You probably won't hear inductee Eminem reading, alphabetically, from several sheets of paper the names of dozens of rappers who influenced him.

Or the entire speech from Duran Duran's Andy Taylor read by singer Simon Le Bon because Taylor is suffering from prostate cancer and couldn't attend the band's induction.

Or lawyer-to-the-superstars Allen Grubman's George Jessel-esque induction acceptance speech about eating spare ribs at the lunch where the concept for the Rock Hall was hatched in 1983.

And you won't see the false start by Duran Duran, the night's first performing act, when Le Bon stopped "Girls on Film" after a verse and chorus and announced to the 7,000 people at the Microsoft Theater, "It's just to prove to you that we weren't lip-synching!," The band started over.

And you probably won't hear John Mellencamp's show-stopping introduction of Grubman that turned into a rant about antisemitism, clearly aimed at Kanye West and Kyrie Irving. Here is what the Indiana iconoclast said, in part, "I'm an artist and a gentile whose life has been enriched greatly by my friendship and association with countless Jewish people ... We're all human things.

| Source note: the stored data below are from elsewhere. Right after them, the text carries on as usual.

Lemma locally_constant_segment (P : R -> Prop) (s t : R) :
  s <= t ->
  (forall r, s <= r <= t ->
     exists u v, u < r < v /\ forall q, u < q < v -> (P q <-> P r)) ->
  P s -> P t.
Proof.
  intros Hst Hloc Ps.
  set (E := fun z => s <= z <= t /\ forall r, s <= r <= z -> P r).
  assert (Es : E s) by (split; [lra|intros r Hr; replace r with s by lra; exact Ps]).
  assert (bounded : bound E) by (exists t; intros z [Hz _]; lra).
  destruct (completeness E bounded (ex_intro _ s Es)) as [m [Hub Hlub]].
  assert (Hsm : s <= m) by exact (Hub s Es).
  assert (Hmt : m <= t) by (apply Hlub; intros z [Hz _]; lra).
  destruct (Hloc m (conj Hsm Hmt)) as [p [q [Hm Hpq]]].
  (* some z ∈ E lies in (p, m], since p < m = sup E *)
  assert (near_sup : exists z, E z /\ p < z).
  { apply NNPP; intro N.
    assert (m <= p); [|lra].
    apply Hlub; intros z Ez.
    destruct (Rle_dec z p) as [|Hzp]; [assumption|].
    exfalso; apply N; exists z; split; [exact Ez|lra]. }
  destruct near_sup as [z [[Hz Ez] Hpz]].
  assert (Hzm : z <= m) by exact (Hub z (conj Hz Ez)).
  assert (Pm : P m) by (apply (proj1 (Hpq z ltac:(lra))), Ez; lra).
  (* hence E extends beyond m unless m = t *)
  assert (E_next : E (Rmin ((m + q) / 2) t)).
  { pose proof (Rmin_l ((m + q) / 2) t). pose proof (Rmin_r ((m + q) / 2) t).
    split; [split; [apply Rmin_glb|]; lra|].
    intros r Hr. destruct (Rle_dec r z) as [Hrz|Hrz]; [apply Ez; lra|].
    apply (proj2 (Hpq r ltac:(lra))), Pm. }
  pose proof (Hub _ E_next) as Hnext.
  assert (m = t) as <- by (unfold Rmin in Hnext; destruct Rle_dec; lra).
  exact Pm.
Qed.

Lemma locally_constant_interval (I P : R -> Prop) :
  (forall r s q, I r -> I s -> r <= q <= s -> I q) ->
  (forall t, I t -> exists u v, u < t < v /\ forall q, u < q < v -> (P q <-> P t)) ->
  forall s t, I s -> I t -> P s -> P t.
Proof.
  intros convex loc s t Is It Ps.
  destruct (Rle_dec s t) as [Hst|Hts].
  - apply (locally_constant_segment P s t Hst); [|exact Ps].
    intros r Hr. exact (loc r (convex s t r Is It Hr)).
  - (* run the segment argument from t to s with the negated predicate *)
    apply NNPP; intro nPt.
    enough (~ P s) by contradiction.
    apply (locally_constant_segment (fun q => ~ P q) t s); [lra| |exact nPt].
    intros r Hr. destruct (loc r (convex t s r It Is Hr)) as [u [v [Hr' Huv]]].
    exists u, v; split; [exact Hr'|].
    intros q Hq. specialize (Huv q Hq). tauto.
Qed.

Lemma oint_convex (a : R) (b : option R) (r s q : R) :
  oint a b r -> oint a b s -> r <= q <= s -> oint a b q.
Proof.
  intros [Hr1 Hr2] [Hs1 Hs2] Hq. split; [lra|].
  destruct b as [b'|]; simpl in *; [lra|exact I].
Qed.

Lemma oint_inhabited (a : R) (b : option R) : lt_ext a b -> exists t, oint a b t.
Proof.
  intros Hab. destruct b as [b'|]; simpl in Hab.
  - exists ((a + b') / 2). unfold oint; simpl; lra.
  - exists (a + 1). unfold oint; simpl; split; [lra|exact I].
Qed.

Lemma oint_bounded_nbhd (c : R) (d : option R) (t : R) :
  oint c d t -> exists v, t < v /\ forall s, c < s < v -> oint c d s.
Proof.
  intros [Hct Htd]. destruct d as [d'|]; simpl in Htd.
  - exists d'. split; [exact Htd|]. intros s Hs. unfold oint; simpl; lra.
  - exists (t + 1). split; [lra|]. intros s Hs. split; [lra|exact I].
Qed.

Section LocalToGlobal.

Variables (G : AbGroup) (phi : G -> R) (alpha : G) (a : R) (b : option R).
Hypothesis a_nonneg : 0 <= a.

Hypothesis locally_uniform : forall t, oint a b t ->
  exists u v x, u < t < v /\
    forall s, u < s < v -> oint a b s /\ phi_t_eq G phi s alpha (tnorm x s).

Definition witnessed_near (x : list R) (r : R) : Prop :=
  exists u v, u < r < v /\ forall s, u < s < v -> phi_t_eq G phi s alpha (tnorm x s).

(* By rigidity, near t "x witnesses near r" just says ‖x‖ = ‖y‖ for the local
   witness y of t, which does not depend on r. *)
Lemma witnessed_near_locally_constant (x : list R) (t : R) :
  oint a b t ->
  exists u v, u < t < v /\ forall r, u < r < v -> (witnessed_near x r <-> witnessed_near x t).
Proof.
  intros Ht. destruct (locally_uniform t Ht) as [u [v [y [Htuv Hy]]]].
  assert (same_as_y : forall r, u < r < v ->
            (witnessed_near x r <-> forall s, tnorm x s = tnorm y s)).
  { intros r Hr. split.
    - intros [p [q [Hpq Hx]]].
      destruct (Hy r Hr) as [[Har _] _].
      apply (phi_t_witness_rigid G phi alpha x y (Rmax (Rmax p u) a) (Rmin q v)).
      + split; [apply (Rle_trans _ a); [lra|apply Rmax_r]|].
        apply Rmax_lub_lt; [apply Rmax_lub_lt|]; apply Rmin_glb_lt; lra.
      + intros s Hs. apply Hx.
        pose proof (Rmax_l (Rmax p u) a). pose proof (Rmax_l p u).
        pose proof (Rmin_l q v). lra.
      + intros s Hs. apply Hy.
        pose proof (Rmax_l (Rmax p u) a). pose proof (Rmax_r p u).
        pose proof (Rmin_r q v). lra.
    - intros Heq. exists u, v. split; [exact Hr|].
      intros s Hs. rewrite Heq. exact (proj2 (Hy s Hs)). }
  exists u, v. split; [exact Htuv|].
  intros r Hr. rewrite (same_as_y r Hr), (same_as_y t Htuv). reflexivity.
Qed.
Lemma IPR_natr (p : positive) : NsatzTactic.IPR p = (Pos.to_nat p)%:R :> C.
Proof.
have IPR_xO q : NsatzTactic.IPR q~0 = 2%:R * NsatzTactic.IPR q :> C.
  by case: q => [q|q|] /=; rewrite ?mulr1.
have IPR_xI q : NsatzTactic.IPR q~1 = 1 + 2%:R * NsatzTactic.IPR q :> C.
  by case: q => [q|q|] /=; rewrite ?mulr1.
elim: p => [p IHp|p IHp|] //.
- by rewrite IPR_xI IHp Pos2Nat.inj_xI -natrM nat1r.
- by rewrite IPR_xO IHp Pos2Nat.inj_xO -natrM.
Qed.

(* [nsatz] leaves side goals stating that some positive integer constants are nonzero. *)
Lemma nsatz_const_neq0 (c : positive) fv :
  NsatzTactic.interpret3 (Ring_polynom.PEc (Zpos c)) fv <> 0 :> C.
Proof.
rewrite /= IPR_natr; apply/eqP; rewrite pnatr_eq0; apply/eqP.
by have := Pos2Nat.is_pos c; lia.
Qed.

End NsatzConstants.

Definition pauli_classes4 : seq (seq (nat * nat)) :=
  [:: [:: (2,2); (0,2); (2,0)]; [:: (2,3); (1,1); (3,2)]; [:: (3,0); (0,3); (3,3)]].
Definition pauli_classes8 : seq (seq (nat * nat * nat)) :=
  [:: [:: (0,0,2); (2,2,0); (2,2,2); (0,2,2); (2,0,0); (0,2,0); (2,0,2)];
      [:: (0,1,0); (1,0,1); (1,1,1); (0,1,1); (0,0,1); (1,0,0); (1,1,0)];
      [:: (3,0,0); (0,3,3); (3,3,3); (0,0,3); (0,3,0); (3,0,3); (3,3,0)];
      [:: (0,3,1); (2,3,0); (2,0,1); (3,2,2); (1,2,3); (3,1,3); (1,1,2)];
      [:: (1,0,3); (1,2,0); (0,2,3); (3,1,1); (2,3,1); (2,1,2); (3,3,2)]].
Definition smx_classes4 (c : nat) : seq smx := map smx_pauli2 (nth [::] pauli_classes4 c).
Definition smx_classes8 (c : nat) : seq smx := map smx_pauli3 (nth [::] pauli_classes8 c).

I don't give a [bleep] if you're Jewish, Black, white, tutti frutti. … I'm standing here tonight loudly and proudly and in solidarity with Allen, his family, all of my Jewish friends and the entire Jewish people of the world. [Bleep] Antisemitism and [bleep] anybody who says anything in that manner."

(Later backstage, Grubman said the Hall of Fame asked for Mellencamp's notes to include in its archives.)

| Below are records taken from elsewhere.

(* If $r\ge\sqrt{\frac{c\ln n}{n}}$ with a constant $c\ge 36$, then w.h.p. $G(n,r)$ is not plane.
   Context: The random geometric graph $G(n,r)$ is formed by choosing $n$ points independently and uniformly at random in the unit square $[0,1]^2$; two points are joined by a straight-line edge iff their Euclidean distance is at most $r$, where $r=r(n)$ is a function of $n$. Two line segments cross if they have a common point that is interior to both. A geometric graph is plane if no two of its edges cross. ''W.h.p.'' means with probability tending to $1$ as $n\to\infty$. *)

From Stdlib Require Import Reals Lra.
Open Scope R_scope.

Definition point := (R * R)%type.

Definition dist (p q : point) : R :=
  sqrt ((fst p - fst q)^2 + (snd p - snd q)^2).

Definition seg_interior (p q z : point) : Prop :=
  exists t : R, 0 < t < 1 /\
    z = (fst p + t * (fst q - fst p), snd p + t * (snd q - snd p)).

Definition segs_cross (p q p' q' : point) : Prop :=
  exists z : point, seg_interior p q z /\ seg_interior p' q' z.

(** A configuration of n points: X i for i < n (other values irrelevant). *)
Definition config := nat -> point.

Definition rg_edge (n : nat) (r : R) (X : config) (i j : nat) : Prop :=
  (i < n)%nat /\ (j < n)%nat /\ i <> j /\ dist (X i) (X j) <= r.

Definition rg_plane (n : nat) (r : R) (X : config) : Prop :=
  forall i j k l : nat,
    rg_edge n r X i j -> rg_edge n r X k l ->
    ~ ((i = k /\ j = l) \/ (i = l /\ j = k)) ->
    ~ segs_cross (X i) (X j) (X k) (X l).

Definition in_unit_square (n : nat) (X : config) : Prop :=
  forall i : nat, (i < n)%nat ->
    0 <= fst (X i) <= 1 /\ 0 <= snd (X i) <= 1.

(** Lebesgue (outer) measure on R^(2n) = (R^2)^n, via countable covers by
    closed boxes.  A box is given by corners lo, hi : config. *)
Definition in_box (n : nat) (lo hi : config) (X : config) : Prop :=
  forall i : nat, (i < n)%nat ->
    fst (lo i) <= fst (X i) <= fst (hi i) /\
    snd (lo i) <= snd (X i) <= snd (hi i).

Fixpoint box_vol (n : nat) (lo hi : config) : R :=
  match n with
  | O => 1
  | S m => box_vol m lo hi *
           ((fst (hi m) - fst (lo m)) * (snd (hi m) - snd (lo m)))
  end.

Definition box_ok (n : nat) (lo hi : config) : Prop :=
  forall i : nat, (i < n)%nat -> fst (lo i) <= fst (hi i) /\ snd (lo i) <= snd (hi i).

Definition outer_measure_lt (n : nat) (E : config -> Prop) (eps : R) : Prop :=
  exists (lo hi : nat -> config) (l : R),
    (forall k, box_ok n (lo k) (hi k)) /\
    (forall X, E X -> exists k, in_box n (lo k) (hi k) X) /\
    infinite_sum (fun k => box_vol n (lo k) (hi k)) l /\ l < eps.

(** Event that G(n,r) (points X_0..X_{n-1} i.i.d. uniform in [0,1]^2) is plane;
    its probability is the Lebesgue measure of this subset of [0,1]^(2n). *)
Definition plane_event (n : nat) (r : R) : config -> Prop :=
  fun X => in_unit_square n X /\ rg_plane n r X.

From Pilot Require Import Defs.
From Stdlib Require Import Reals Lra Lia List Classical FunctionalExtensionality.
Import ListNotations.
Open Scope R_scope.

(* Let h = min(r, 1) / 10 and cut [0, 7h]^2 into a 7 x 7 grid of cells. If
   the middle cells of its four sides all contain sample points, these points
   are within distance 7 sqrt 2 h <= r of each other and the west-east edge
   crosses the south-north edge. So a plane G(n, r) leaves one of these four
   cells of area h^2 empty, which has probability (1 - h^2)^n <= exp(-n h^2);
   and n h^2 >= min(c ln n, n) / 100 tends to infinity. The event that a cell
   is empty is covered by products of the four rectangles tiling its
   complement in the unit square. *)

Definition Rsum_list (L : list R) : R := fold_right Rplus 0 L.

Lemma Rsum_list_app (L1 L2 : list R) :
  Rsum_list (L1 ++ L2) = Rsum_list L1 + Rsum_list L2.
Proof. induction L1 as [|a L1 IH]; simpl; [lra | rewrite IH; lra]. Qed.

Lemma sum_f_R0_nth (L : list R) (n : nat) :
  (length L <= S n)%nat -> sum_f_R0 (fun k => nth k L 0) n = Rsum_list L.
Proof.
  revert n; induction L as [|a L IH]; intros n Hn.
  - induction n as [|n IHn]; simpl in *; [reflexivity | rewrite IHn by lia; lra].
  - simpl in Hn. destruct n as [|n].
    + destruct L; simpl in *; [lra | lia].
    + rewrite decomp_sum by lia. simpl. rewrite <- IH with n by lia. reflexivity.
Qed.

Lemma infinite_sum_nth (L : list R) : infinite_sum (fun k => nth k L 0) (Rsum_list L).
Proof.
  intros eps Heps. exists (length L). intros n Hn.
  rewrite sum_f_R0_nth by lia. unfold Rdist. rewrite Rminus_diag, Rabs_R0. exact Heps.
Qed.

Definition rect := (point * point)%type.

Definition in_rect (b : rect) (x : point) : Prop :=
  fst (fst b) <= fst x <= fst (snd b) /\ snd (fst b) <= snd x <= snd (snd b).

Definition rect_ok (b : rect) : Prop :=
  fst (fst b) <= fst (snd b) /\ snd (fst b) <= snd (snd b).

Definition rect_area (b : rect) : R :=
  (fst (snd b) - fst (fst b)) * (snd (snd b) - snd (fst b)).

Definition cbox := (config * config)%type.

Definition cbox_vol (n : nat) (B : cbox) : R := box_vol n (fst B) (snd B).

Definition cbox0 : cbox := (fun _ => (0, 0), fun _ => (0, 0)).

Lemma outer_measure_lt_finite_cover (n : nat) (E : config -> Prop)
    (L : list cbox) (eps : R) :
  (1 <= n)%nat ->
  (forall B, In B L -> box_ok n (fst B) (snd B)) ->
  (forall X, E X -> exists B, In B L /\ in_box n (fst B) (snd B) X) ->
  Rsum_list (map (cbox_vol n) L) < eps ->
  outer_measure_lt n E eps.
Proof.
  intros Hn Hok Hcov Hsum.
  (* the cover is padded with the degenerate box [cbox0], of volume 0 as n >= 1 *)
  assert (Hvol0 : cbox_vol n cbox0 = 0).
  { destruct n as [|m]; [lia |]. unfold cbox_vol; simpl. ring. }
  exists (fun k => fst (nth k L cbox0)), (fun k => snd (nth k L cbox0)),
    (Rsum_list (map (cbox_vol n) L)).
  split; [| split; [| split]]; [| | | exact Hsum].
  - intro k. destruct (Nat.lt_ge_cases k (length L)) as [Hk | Hk].
    + apply Hok, nth_In, Hk.
    + rewrite nth_overflow by lia. intros i _; simpl; lra.
  - intros X HX. destruct (Hcov X HX) as [B [HB HXB]].
    destruct (In_nth L B cbox0 HB) as [k [_ Hk]]. exists k. rewrite Hk. exact HXB.
  - replace (fun k => box_vol n (fst (nth k L cbox0)) (snd (nth k L cbox0)))
      with (fun k => nth k (map (cbox_vol n) L) 0).
    + apply infinite_sum_nth.
    + extensionality k. rewrite <- Hvol0, map_nth. reflexivity.
Qed.

Definition cbox_set (m : nat) (b : rect) (B : cbox) : cbox :=
  (fun i => if Nat.eq_dec i m then fst b else fst B i,
   fun i => if Nat.eq_dec i m then snd b else snd B i).

Fixpoint product_boxes (Bs : list rect) (n : nat) : list cbox :=
  match n with
  | O => [cbox0]
  | S m => flat_map (fun b => map (cbox_set m b) (product_boxes Bs m)) Bs
  end.

Lemma box_vol_ext (n : nat) (lo hi lo' hi' : config) :
  (forall i, (i < n)%nat -> lo i = lo' i /\ hi i = hi' i) ->
  box_vol n lo hi = box_vol n lo' hi'.
Proof.
  revert lo hi lo' hi'; induction n as [|n IH]; intros lo hi lo' hi' H; simpl; [reflexivity |].
  rewrite (IH lo hi lo' hi') by (intros; apply H; lia).
  destruct (H n) as [-> ->]; [lia | reflexivity].
Qed.

Lemma cbox_vol_set (m : nat) (b : rect) (B : cbox) :
  cbox_vol (S m) (cbox_set m b B) = cbox_vol m B * rect_area b.
Proof.
  unfold cbox_vol, cbox_set; simpl. destruct (Nat.eq_dec m m) as [_ | ]; [| congruence].
  f_equal. apply box_vol_ext. intros i Hi.
  destruct (Nat.eq_dec i m); [lia | auto].
Qed.

Lemma cbox_vol_flat_set (m : nat) (L : list cbox) (Bs : list rect) :
  Rsum_list (map (cbox_vol (S m)) (flat_map (fun b => map (cbox_set m b) L) Bs))
  = Rsum_list (map (cbox_vol m) L) * Rsum_list (map rect_area Bs).
Proof.
  induction Bs as [|b Bs IH]; simpl; [ring |].
  rewrite map_app, Rsum_list_app, IH, map_map.
  enough (Rsum_list (map (fun B => cbox_vol (S m) (cbox_set m b B)) L)
          = Rsum_list (map (cbox_vol m) L) * rect_area b) as -> by ring.
  clear IH. induction L as [|B L IHL]; simpl; [ring |].
  rewrite cbox_vol_set, IHL. ring.
Qed.

Lemma product_boxes_vol (Bs : list rect) (n : nat) :
  Rsum_list (map (cbox_vol n) (product_boxes Bs n)) = Rsum_list (map rect_area Bs) ^ n.
Proof.
  induction n as [|m IH]; simpl.
  - unfold cbox_vol; simpl; ring.
  - rewrite cbox_vol_flat_set, IH. ring.
Qed.

Lemma product_boxes_ok (Bs : list rect) (n : nat) :
  (forall b, In b Bs -> rect_ok b) ->
  forall B, In B (product_boxes Bs n) -> box_ok n (fst B) (snd B).
Proof.
  intros HBs. induction n as [|m IH]; simpl; intros B HB i Hi; [lia |].
  apply in_flat_map in HB as [b [Hb HB]]. apply in_map_iff in HB as [B' [<- HB']].
  unfold cbox_set; simpl. destruct (Nat.eq_dec i m).
  - apply HBs, Hb.
  - apply (IH B' HB'). lia.
Qed.

Lemma product_boxes_cover (Bs : list rect) (n : nat) (X : config) :
  (forall i, (i < n)%nat -> exists b, In b Bs /\ in_rect b (X i)) ->
  exists B, In B (product_boxes Bs n) /\ in_box n (fst B) (snd B) X.
Proof.
  induction n as [|m IH]; intros HX.
  - exists cbox0. split; [left; reflexivity | intros i Hi; lia].
  - destruct IH as [B [HB HXB]]; [intros i Hi; apply HX; lia |].
    destruct (HX m) as [b [Hb Hxb]]; [lia |].
    exists (cbox_set m b B). split.
    + apply in_flat_map. exists b. split; [exact Hb | apply in_map, HB].
    + intros i Hi. unfold cbox_set; simpl. destruct (Nat.eq_dec i m) as [-> | Him].
      * exact Hxb.
      * apply HXB. lia.
Qed.

Definition rect_in_unit_square (b : rect) : Prop :=
  0 <= fst (fst b) <= fst (snd b) /\ fst (snd b) <= 1 /\
  0 <= snd (fst b) <= snd (snd b) /\ snd (snd b) <= 1.

Definition rect_complement (b : rect) : list rect :=
  let '((x0, y0), (x1, y1)) := b in
  [((0, 0), (1, y0)); ((0, y1), (1, 1)); ((0, y0), (x0, y1)); ((x1, y0), (1, y1))].

Lemma rect_complement_ok (b : rect) :
  rect_in_unit_square b -> forall b', In b' (rect_complement b) -> rect_ok b'.
Proof.
  destruct b as [[x0 y0] [x1 y1]]; unfold rect_in_unit_square, rect_ok; simpl.
  intros Hb b' Hb'. repeat (destruct Hb' as [<- | Hb']; [simpl; lra |]). destruct Hb'.
Qed.

Lemma rect_complement_area (b : rect) :
  Rsum_list (map rect_area (rect_complement b)) = 1 - rect_area b.
Proof. destruct b as [[x0 y0] [x1 y1]]; unfold rect_area; simpl. ring. Qed.

Lemma rect_complement_cover (b : rect) (x : point) :
  0 <= fst x <= 1 -> 0 <= snd x <= 1 -> ~ in_rect b x ->
  exists b', In b' (rect_complement b) /\ in_rect b' x.
Proof.
  destruct b as [[x0 y0] [x1 y1]], x as [u v]; unfold in_rect; simpl. intros Hu Hv Hx.
  destruct (Rle_dec v y0); [exists ((0, 0), (1, y0)); simpl; split; [tauto | lra] |].
  destruct (Rle_dec y1 v); [exists ((0, y1), (1, 1)); simpl; split; [tauto | lra] |].
  destruct (Rle_dec u x0); [exists ((0, y0), (x0, y1)); simpl; split; [tauto | lra] |].
  destruct (Rle_dec x1 u); [exists ((x1, y0), (1, y1)); simpl; split; [tauto | lra] |].
  exfalso; apply Hx; lra.
Qed.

Mellencamp wasn't the only one to sound a note for diversity. Inductee Lionel Richie proclaimed: "Rock 'n' roll is not a color," he said. "It is a feeling. It's a vibe. And if we let that vibe come through, this room will grow."

Judas Priest's Rob Halford, another inductee, explained: "I'm the gay guy in the band. We call ourselves the heavy metal community, which is all-inclusive, no matter what your sexual identity is, what you look like, or what you believe in or don't believe in. Everybody's welcome."

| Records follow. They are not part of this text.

Lemma harmonic_derivative_sum_bound (W B : R) (z : C) :
  inD z -> cderiv h z <> 0 -> 0 <= W < 1 -> Cmod (dilatation h g z) <= W ->
  (1 - Cmod z ^ 2) * sqrt (Rabs (jacobian f z)) <= B ->
  (Cmod (cderiv h z) + Cmod (cderiv g z)) * (1 - Cmod z ^ 2) <= sqrt ((1 + W) / (1 - W)) * B.
Proof.
  intros Hz Hh0 HW Hw HB.
  rewrite (jacobian_harmonic z Hz) in HB.
  apply Cmod_gt_0 in Hh0.
  unfold dilatation in Hw. rewrite Cmod_div in Hw by (apply Cmod_gt_0; exact Hh0).
  apply sum_mul_le_of_sqrt_diff_sqr_le; try assumption.
  - apply Cmod_ge_0.
  - split; [apply Cmod_ge_0 |].
    apply (Rmult_le_compat_r (Cmod (cderiv h z))) in Hw; [| lra].
    unfold Rdiv in Hw. rewrite Rmult_assoc, Rinv_l, Rmult_1_r in Hw by lra. exact Hw.
  - unfold inD in Hz. pose proof (Cmod_ge_0 z). nra.
Qed.

Lemma derive_harmonic_mobius_path_le (M : R)
  (Hpt : forall z, inD z -> (Cmod (cderiv h z) + Cmod (cderiv g z)) * (1 - Cmod z ^ 2) <= M)
  (z2 a u : C) (t0 : R) :
  Cmod z2 < 1 -> Rabs t0 * Cmod a < 1 ->
  exists D, is_derive (fun t => Re (u * f (mobius z2 (RtoC t * a)))%C) t0 D /\
    D <= Cmod u * M * (Cmod a / (1 - (t0 * Cmod a) ^ 2)).
Proof.
  intros Hz2 Ht0.
  assert (Hcz : forall t : R, Cmod (RtoC t * a)%C = Rabs t * Cmod a)
    by (intros t; rewrite Cmod_mult, Cmod_R; reflexivity).
  set (zeta := (RtoC t0 * a)%C).
  assert (Hzeta : Cmod zeta < 1) by (unfold zeta; rewrite Hcz; exact Ht0).
  assert (Hline : @is_derive C_AbsRing (AbsRing_NormedModule C_AbsRing) (fun w => w * a)%C (RtoC t0) a)
    by (apply (@is_derive_ext C_AbsRing (AbsRing_NormedModule C_AbsRing) (fun w => 0 + w * a)%C);
        [intros w; apply Cplus_0_l | apply is_derive_C_affine]).
  pose proof (@is_derive_comp C_AbsRing (AbsRing_NormedModule C_AbsRing) (mobius z2) (fun w => w * a)%C
    (RtoC t0) _ _ (is_derive_mobius z2 zeta Hz2 Hzeta) Hline) as Hpath.
  assert (Hin : locally t0 (fun t => inD (mobius z2 (RtoC t * a)))).
  { refine (filter_imp _ _ _ (locally_Rabs_mult_lt (Cmod a) 1 t0 (Cmod_ge_0 a) Ht0)).
    intros t Ht. apply Cmod_mobius_lt1; [exact Hz2 | rewrite Hcz; exact Ht]. }
  pose proof (is_derive_harmonic_path (fun w => mobius z2 (w * a))%C t0 _ u Hpath Hin) as Hder.
  cbv beta in Hder. eexists. split; [exact Hder |]. fold zeta.
  set (w := mobius z2 zeta).
  assert (Hw : inD w) by (apply Cmod_mobius_lt1; assumption).
  set (S := Cmod (cderiv h w) + Cmod (cderiv g w)).
  set (q := 1 - Cmod zeta ^ 2).
  assert (Hq : 0 < q) by (unfold q; pose proof (Cmod_ge_0 zeta); nra).
  assert (Hzq : (t0 * Cmod a) ^ 2 = Cmod zeta ^ 2)
    by (unfold zeta; rewrite Hcz, !Rpow_mult_distr, pow2_abs; reflexivity).
  assert (HmS : Cmod (mobius_deriv z2 zeta) * S <= M / q).
  { apply Rmult_le_reg_r with q; [exact Hq |].
    replace (M / q * q) with M by (field; lra).
    replace (Cmod (mobius_deriv z2 zeta) * S * q) with (S * (Cmod (mobius_deriv z2 zeta) * q)) by ring.
    unfold q. rewrite Cmod_mobius_deriv by assumption. apply Hpt, Hw. }
  eapply Rle_trans; [apply Re_mult_add_conj_le |].
  change (scal a (mobius_deriv z2 zeta)) with (a * mobius_deriv z2 zeta)%C.
  rewrite Cmod_mult, Hzq. fold q. fold S.
  replace (Cmod u * M * (Cmod a / q)) with (Cmod u * Cmod a * (M / q)) by (field; lra).
  replace (Cmod u * (Cmod a * Cmod (mobius_deriv z2 zeta)) * S)
    with (Cmod u * Cmod a * (Cmod (mobius_deriv z2 zeta) * S)) by ring.
  apply Rmult_le_compat_l; [apply Rmult_le_pos; apply Cmod_ge_0 | exact HmS].
Qed.

Lemma harmonic_Lipschitz_hyp_dist (M : R)
  (Hpt : forall z, inD z -> (Cmod (cderiv h z) + Cmod (cderiv g z)) * (1 - Cmod z ^ 2) <= M)
  (z1 z2 : C) : inD z1 -> inD z2 -> Cmod (f z1 - f z2)%C <= M * hyp_dist z1 z2.
Proof.
  intros Hz1 Hz2.
  set (a := mobius (- z2) z1). set (rho := Cmod a). set (d := (f z1 - f z2)%C).
  assert (Ha : rho < 1) by (apply Cmod_mobius_lt1; [rewrite Cmod_opp |]; assumption).
  assert (Hrho : 0 <= rho) by apply Cmod_ge_0.
  assert (HM : 0 <= M).
  { assert (H0 : inD 0) by (unfold inD; rewrite Cmod_0; lra).
    eapply Rle_trans; [| apply (Hpt 0 H0)].
    apply Rmult_le_pos; [pose proof (Cmod_ge_0 (cderiv h 0)); pose proof (Cmod_ge_0 (cderiv g 0)); lra |].
    rewrite Cmod_0. lra. }
  assert (Hinc : Re (Cconj d * f (mobius z2 (RtoC 1 * a)))%C - Re (Cconj d * f (mobius z2 (RtoC 0 * a)))%C
                 <= Cmod (Cconj d) * M * artanh (1 * rho) - Cmod (Cconj d) * M * artanh (0 * rho)).
  { apply (increment_le_of_derive_le (fun t => Re (Cconj d * f (mobius z2 (RtoC t * a)))%C)
      (fun t => Cmod (Cconj d) * M * artanh (t * rho))
      (fun t => Cmod (Cconj d) * M * (rho / (1 - (t * rho) ^ 2)))).
    - intros t Ht. apply (is_derive_scal (fun t => artanh (t * rho))).
      apply is_derive_artanh_mult; [exact Hrho | nra].
    - intros t Ht. apply (derive_harmonic_mobius_path_le M Hpt); [exact Hz2 | fold rho; nra]. }
  rewrite Cmult_1_l, Cmult_0_l, mobius_0, Rmult_1_l, Rmult_0_l, artanh_0 in Hinc.
  unfold a in Hinc. rewrite mobius_opp_inv in Hinc by assumption.
  replace (Re (Cconj d * f z1)%C - Re (Cconj d * f z2)%C) with (Cmod d ^ 2) in Hinc
    by (rewrite Cmod2_alt; unfold d; destruct (f z1), (f z2); simpl; ring).
  rewrite Cmod_conj, Rmult_0_r, Rminus_0_r in Hinc.
  change (Cmod d <= M * artanh (pseudo_hyp z1 z2)). rewrite pseudo_hyp_mobius. fold a rho.
  pose proof (Rmult_le_pos _ _ HM (artanh_ge0 rho (conj Hrho Ha))) as Hbound.
  pose proof (Cmod_ge_0 d). fold d. nra.
Qed.

End HarmonicMapping.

Dr. Dre said race didn't define hip-hop artists or fans. "Eminem brought hip-hop to Middle America and offered kids who looked like him a way to connect to it. Hip-hop wasn't just for Black kids in desperate inner-city circumstances anymore."

If the HBO editors get it right, we will hear Dolly Parton's speech ("I'm a rock star now") about why she accepted her induction into the Rock Hall after initially asking to be taken off the ballot.

And Eminem explaining two reasons why he shouldn't be at the Rock Hall induction — he's a rapper and this is the Rock & Roll Hall of Fame, and "I almost died of an overdose in 2007."

And Janet Jackson's playful zinger about Jimmy Jam and Terry Lewis: "Needless to say, I'm not the only artist Jimmy and Terry have worked with — I'm just their favorite."

Backstage, Jam said Jackson's speech "blew me away." He didn't know about the content in advance except for a few facts that she checked with him. By the by, unlike some inductees and presenters, Jam and Lewis did not use a Teleprompter. They just winged their speeches.

Some of the inductees came backstage to the press room, typically minutes after their induction. They posed for photos for a handful of photographers and then entertained a grand total of two questions from about two-dozen print reporters.

The interviews were as limited as the press room itself. Needing a quieter workspace at one point during the ceremonies, I headed to the men's room and plopped on the floor in a corner, typing on my laptop. As LL Cool J was about to exit the restroom, he asked what I was doing. "I'm transcribing a tape of comments from the podium for a newspaper story." "I love your commitment," he said from behind his shades. "I respect you." He extended his fist and we dapped.

P.S. After the Rock Hall ceremonies ended about 12:50 a.m., Jam, Lewis and their families headed to Edition, a trendy West Hollywood hotel, for a small gathering of 40 people. Janet Jackson was there, of course. D-Nice, the DJ, spun all Jam and Lewis songs just as he had done the night before at a party there organized by Maxwell, the R&B singer.